Lemma weighted_setT : \sum_i u i = 0 -> weighted [set: I].
Proof.
move=> u_sum le_dI; rewrite cardsT in le_dI *.
pose c : R := (#|I| - d)%:R / #|I|%:R.
exists (fun=> c); split => //.
- move=> _; rewrite /c divr_ge0 ?ler0n //=; have [->|I_gt0] := posnP #|I|.
    by rewrite invr0 mulr0 ler01.
  by rewrite ler_pdivrMr ?ltr0n // mul1r ler_nat leq_subr.
- by move=> i; rewrite in_setT.
- rewrite sumr_const -[LHS]mulr_natr /c; have [I0|I_gt0] := posnP #|I|.
    by rewrite I0 mulr0; have -> : d = 0%N by lia.
  by rewrite divfK // pnatr_eq0 -lt0n.
- by rewrite -scaler_sumr u_sum scaler0.
Qed.

Lemma weighted_setD1 X :
  (0 < #|X|)%N -> weighted X -> exists2 i, i \in X & weighted (X :\ i).
Proof.
move=> X_gt0 wX; have /card_gt0P[i0 Xi0] := X_gt0.
have card_D1 i : i \in X -> #|X :\ i| = #|X|.-1.
  by move=> iX; have := cardsD1 i X; rewrite iX; lia.
have [lt_dX|le_Xd] := ltnP d #|X|.
  have [l wl] := wX (ltnW lt_dX).
  have [i iX [l' wl']] := weighting_drop lt_dX wl.
  by exists i => // _; exists l'; rewrite card_D1.
by exists i0 => //; rewrite /weighted card_D1 // => le_dX; exfalso; lia.
Qed.

Lemma weighted_sum_bound X :
  (forall i j, `|u i 0 j| <= 1) -> weighted X ->
  forall j, `|(\sum_(i in X) u i) 0 j| <= d%:R.
Proof.
move=> u_le1 wX j; rewrite summxE.
have [lt_Xd|le_dX] := ltnP #|X| d.
  apply: le_trans (ler_norm_sum _ _ _) _.
  apply: le_trans (_ : \sum_(i in X) 1 <= _).
    by apply: ler_sum => i _; apply: u_le1.
  by rewrite sumr_const ler_nat ltnW.
have [l [l01 lX lc lu]] := wX le_dX.
have sum_X (f : I -> R) :
    (forall i, i \notin X -> f i = 0) -> \sum_(i in X) f i = \sum_i f i.
  exact: big_rmcond.
have lu_j : \sum_(i in X) l i * u i 0 j = 0.
  rewrite sum_X => [|i /lX ->]; last by rewrite mul0r.
  move/matrixP/(_ 0 j): lu; rewrite summxE mxE; apply: etrans.
  by apply: eq_bigr => i _; rewrite mxE.
have -> : \sum_(i in X) u i 0 j = \sum_(i in X) (1 - l i) * u i 0 j.
  by under [RHS]eq_bigr do rewrite mulrBl mul1r; rewrite sumrB lu_j subr0.
apply: le_trans (ler_norm_sum _ _ _) _.
apply: le_trans (_ : \sum_(i in X) (1 - l i) <= _).
  apply: ler_sum => i _; have /andP[l0 l1] := l01 i.
  by rewrite normrM ger0_norm ?subr_ge0 // ler_piMr ?subr_ge0 ?u_le1.
by rewrite sumrB (sum_X l lX) lc sumr_const natrB // subKr.
Qed.

Lemma weighted_chain m X :
  #|X| = m -> weighted X ->
  exists B : nat -> {set I},
    [/\ B m = X, forall k k', (k <= k' <= m)%N -> B k \subset B k'
      & forall k, (k <= m)%N -> #|B k| = k /\ weighted (B k)].
Proof.
elim: m X => [|m IH] X cardX wX.
  by exists (fun=> X); split=> // k; rewrite leqn0 => /eqP ->.
have [|i iX wXi] := weighted_setD1 _ wX; first by rewrite cardX.
have [|B [BmE B_sub B_card]] := IH (X :\ i) _ wXi.
  by have := cardsD1 i X; rewrite iX cardX; lia.
exists (fun k => if k == m.+1 then X else B k); split=> [|k k'|k]; rewrite ?eqxx //.
- move=> /andP[le_kk' le_k'm]; have [ek'|ne_k'] := eqVneq k' m.+1.
    case: eqVneq => [_|ne_k]; first exact: subxx.
    by apply: subset_trans (B_sub k m _) _; rewrite ?BmE ?subD1set //; lia.
  have ne_k : k != m.+1 by apply: contra_neq ne_k' => ek; lia.
  by rewrite (negbTE ne_k); apply: B_sub; lia.
- move=> le_km; case: eqVneq => [-> //|ne_k].
  by apply: B_card; lia.
Qed.

End Weightings.

Section Cells.
Variables (R : archiRealFieldType) (d : nat).

(* The index of the unit interval of [-d, d] containing x; the clamp puts x = d
   into the last one. *)
Definition cell (x : R) : 'I_(2 * d).-1.+1 :=
  inord (minn (Num.truncn (x + d%:R)) (2 * d).-1).

Lemma cell_close x y :
  `|x| <= d%:R -> `|y| <= d%:R -> cell x = cell y -> `|x - y| <= 1.
Proof.
rewrite !ler_norml => /andP[x_ge x_le] /andP[y_ge y_le].
move/(congr1 (@nat_of_ord _)); rewrite /cell !inordK ?ltnS ?geq_minr //.
have := @truncn_itv R (x + d%:R); have := @truncn_itv R (y + d%:R).
set p := Num.truncn (x + d%:R); set q := Num.truncn (y + d%:R).
have [d_x d_y] : 0 <= x + d%:R /\ 0 <= y + d%:R by split; lra.
move=> /(_ d_y)/andP[q_le q_gt] /(_ d_x)/andP[p_le p_gt].
rewrite -!natr1 in p_gt q_gt.
have [e_pq _|ne_pq e_pq] := eqVneq p q; first by rewrite e_pq in p_le p_gt; lra.
have [K_p K_q] : ((2 * d).-1 <= p)%N /\ ((2 * d).-1 <= q)%N by lia.
have : (2 * d)%:R <= (2 * d).-1%:R + 1 :> R by rewrite natr1 ler_nat; lia.
move: K_p K_q; rewrite -!(ler_nat R) natrM => K_p K_q.
lra.
Qed.

Lemma exists_close_pair (s : nat -> 'rV[R]_d) n :
  (forall k, (k < n)%N -> forall j, `|s k 0 j| <= d%:R) ->
  (2 * (2 * d) ^ d < n)%N ->
  exists a b, (a.+2 <= b < n)%N /\ forall j, `|s b 0 j - s a 0 j| <= 1.
Proof.
move=> s_le lt_n.
(* Only even indices are compared, so that two colliding ones differ by 2. *)
pose cells (i : 'I_((2 * d) ^ d).+1) := [ffun j => cell (s (2 * i)%N 0 j)].
have /injectivePn[i [i' ne_ii' e_cells]] : ~~ injectiveb cells.
  apply/injectiveP => /leq_card; rewrite card_ffun !card_ord.
  suff -> : ((2 * d).-1.+1 ^ d = (2 * d) ^ d)%N by rewrite ltnn.
  by case: d => // d'; rewrite prednK // muln_gt0.
wlog lt_ii' : i i' ne_ii' e_cells / (i < i')%N.
  move=> hwlog; have [lt|lt|/val_inj e] := ltngtP i i'.
  - exact: hwlog ne_ii' e_cells lt.
  - by apply: (hwlog i' i); rewrite 1?eq_sym.
  - by rewrite e eqxx in ne_ii'.
have lt_i'n : (2 * i' < n)%N by have := ltn_ord i'; lia.
exists (2 * i)%N, (2 * i')%N; split; first lia.
move=> j; apply: cell_close; rewrite ?s_le //; first lia.
by move/ffunP/(_ j): e_cells; rewrite !ffunE.
Qed.

End Cells.

Lemma big_option (V : nmodType) (T : finType) (F : option T -> V) :
  \sum_o F o = F None + \sum_i F (Some i).
Proof.
rewrite (bigD1 None) //=; congr (_ + _).
transitivity (\sum_(i in [set: T]) F (Some i)); last by apply: eq_bigl => i; rewrite inE.
rewrite -(big_imset _ (in2W (@Some_inj _))) /=.
apply: eq_bigl => -[i|]; first by rewrite mem_imset ?inE //; exact: Some_inj.
by apply/esym/imsetP => -[].
Qed.

Lemma in_boxP (R : realType) (d : nat) (x : 'rV[R]_d) :
  in_box x <-> forall j, `|x 0 j| <= 1.
Proof. by split=> x_box j; [rewrite ler_norml | rewrite -ler_norml]; apply: x_box. Qed.

Section MinimalSequence.
Variables (R : realType) (d t : nat) (v : 'I_t -> 'rV[R]_d).
Hypothesis min_v : minimal_seq v.

Definition completion (o : option 'I_t) : 'rV[R]_d :=
  if o is Some i then v i else - \sum_(i < t) v i.

Lemma completion_le1 o j : `|completion o 0 j| <= 1.
Proof.
have [_ v_box sum_box _] := min_v.
case: o => [i|] /=; first by move: j; apply/in_boxP.
by rewrite mxE normrN; move: j; apply/in_boxP.
Qed.

Lemma completion_sum : \sum_o completion o = 0.
Proof. by rewrite big_option addrC subrr. Qed.

Lemma completion_subsum_not_le1 (D : {set option 'I_t}) :
  (2 <= #|D| < t)%N -> ~ (forall j, `|(\sum_(o in D) completion o) 0 j| <= 1).
Proof.
wlog NoneD : D / None \notin D => [hwlog card_D D_le1|].
  have [NoneD|] := boolP (None \in D); last by move/hwlog; apply.
  apply: (hwlog (~: D)); first by rewrite inE NoneD.
    by move: card_D; have := cardsC D; rewrite card_option card_ord; lia.
  move=> j; have := completion_sum; rewrite (bigID (mem D) predT) /= => /eqP.
  rewrite addr_eq0 => /eqP sum_D.
  have -> : \sum_(o in ~: D) completion o = - \sum_(o in D) completion o.
    by rewrite sum_D opprK; apply: eq_bigl => o; rewrite inE.
  by rewrite mxE normrN.
move=> card_D D_le1; have [_ _ _ v_min] := min_v.
pose T := [set i | Some i \in D].
have DE : D = Some @: T.
  apply/setP => -[i|]; last by rewrite (negbTE NoneD); apply/esym/imsetP => -[].
  by rewrite mem_imset ?inE //; exact: Some_inj.
have card_T : #|T| = #|D| by rewrite DE card_imset //; exact: Some_inj.
apply: (v_min T); rewrite ?card_T; try lia.
apply/in_boxP => j; move: (D_le1 j).
by rewrite DE big_imset //; move=> i i' _ _ [].
Qed.

End MinimalSequence.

## What the task asks:
Write the opening line of the data above and every line after it, exactly, stopping once you have written the line with "exists B : nat".

## Exercise output:
Lemma weighted_setT : \sum_i u i = 0 -> weighted [set: I].
Proof.
move=> u_sum le_dI; rewrite cardsT in le_dI *.
pose c : R := (#|I| - d)%:R / #|I|%:R.
exists (fun=> c); split => //.
- move=> _; rewrite /c divr_ge0 ?ler0n //=; have [->|I_gt0] := posnP #|I|.
    by rewrite invr0 mulr0 ler01.
  by rewrite ler_pdivrMr ?ltr0n // mul1r ler_nat leq_subr.
- by move=> i; rewrite in_setT.
- rewrite sumr_const -[LHS]mulr_natr /c; have [I0|I_gt0] := posnP #|I|.
    by rewrite I0 mulr0; have -> : d = 0%N by lia.
  by rewrite divfK // pnatr_eq0 -lt0n.
- by rewrite -scaler_sumr u_sum scaler0.
Qed.

Lemma weighted_setD1 X :
  (0 < #|X|)%N -> weighted X -> exists2 i, i \in X & weighted (X :\ i).
Proof.
move=> X_gt0 wX; have /card_gt0P[i0 Xi0] := X_gt0.
have card_D1 i : i \in X -> #|X :\ i| = #|X|.-1.
  by move=> iX; have := cardsD1 i X; rewrite iX; lia.
have [lt_dX|le_Xd] := ltnP d #|X|.
  have [l wl] := wX (ltnW lt_dX).
  have [i iX [l' wl']] := weighting_drop lt_dX wl.
  by exists i => // _; exists l'; rewrite card_D1.
by exists i0 => //; rewrite /weighted card_D1 // => le_dX; exfalso; lia.
Qed.

Lemma weighted_sum_bound X :
  (forall i j, `|u i 0 j| <= 1) -> weighted X ->
  forall j, `|(\sum_(i in X) u i) 0 j| <= d%:R.
Proof.
move=> u_le1 wX j; rewrite summxE.
have [lt_Xd|le_dX] := ltnP #|X| d.
  apply: le_trans (ler_norm_sum _ _ _) _.
  apply: le_trans (_ : \sum_(i in X) 1 <= _).
    by apply: ler_sum => i _; apply: u_le1.
  by rewrite sumr_const ler_nat ltnW.
have [l [l01 lX lc lu]] := wX le_dX.
have sum_X (f : I -> R) :
    (forall i, i \notin X -> f i = 0) -> \sum_(i in X) f i = \sum_i f i.
  exact: big_rmcond.
have lu_j : \sum_(i in X) l i * u i 0 j = 0.
  rewrite sum_X => [|i /lX ->]; last by rewrite mul0r.
  move/matrixP/(_ 0 j): lu; rewrite summxE mxE; apply: etrans.
  by apply: eq_bigr => i _; rewrite mxE.
have -> : \sum_(i in X) u i 0 j = \sum_(i in X) (1 - l i) * u i 0 j.
  by under [RHS]eq_bigr do rewrite mulrBl mul1r; rewrite sumrB lu_j subr0.
apply: le_trans (ler_norm_sum _ _ _) _.
apply: le_trans (_ : \sum_(i in X) (1 - l i) <= _).
  apply: ler_sum => i _; have /andP[l0 l1] := l01 i.
  by rewrite normrM ger0_norm ?subr_ge0 // ler_piMr ?subr_ge0 ?u_le1.
by rewrite sumrB (sum_X l lX) lc sumr_const natrB // subKr.
Qed.

Lemma weighted_chain m X :
  #|X| = m -> weighted X ->
  exists B : nat -> {set I},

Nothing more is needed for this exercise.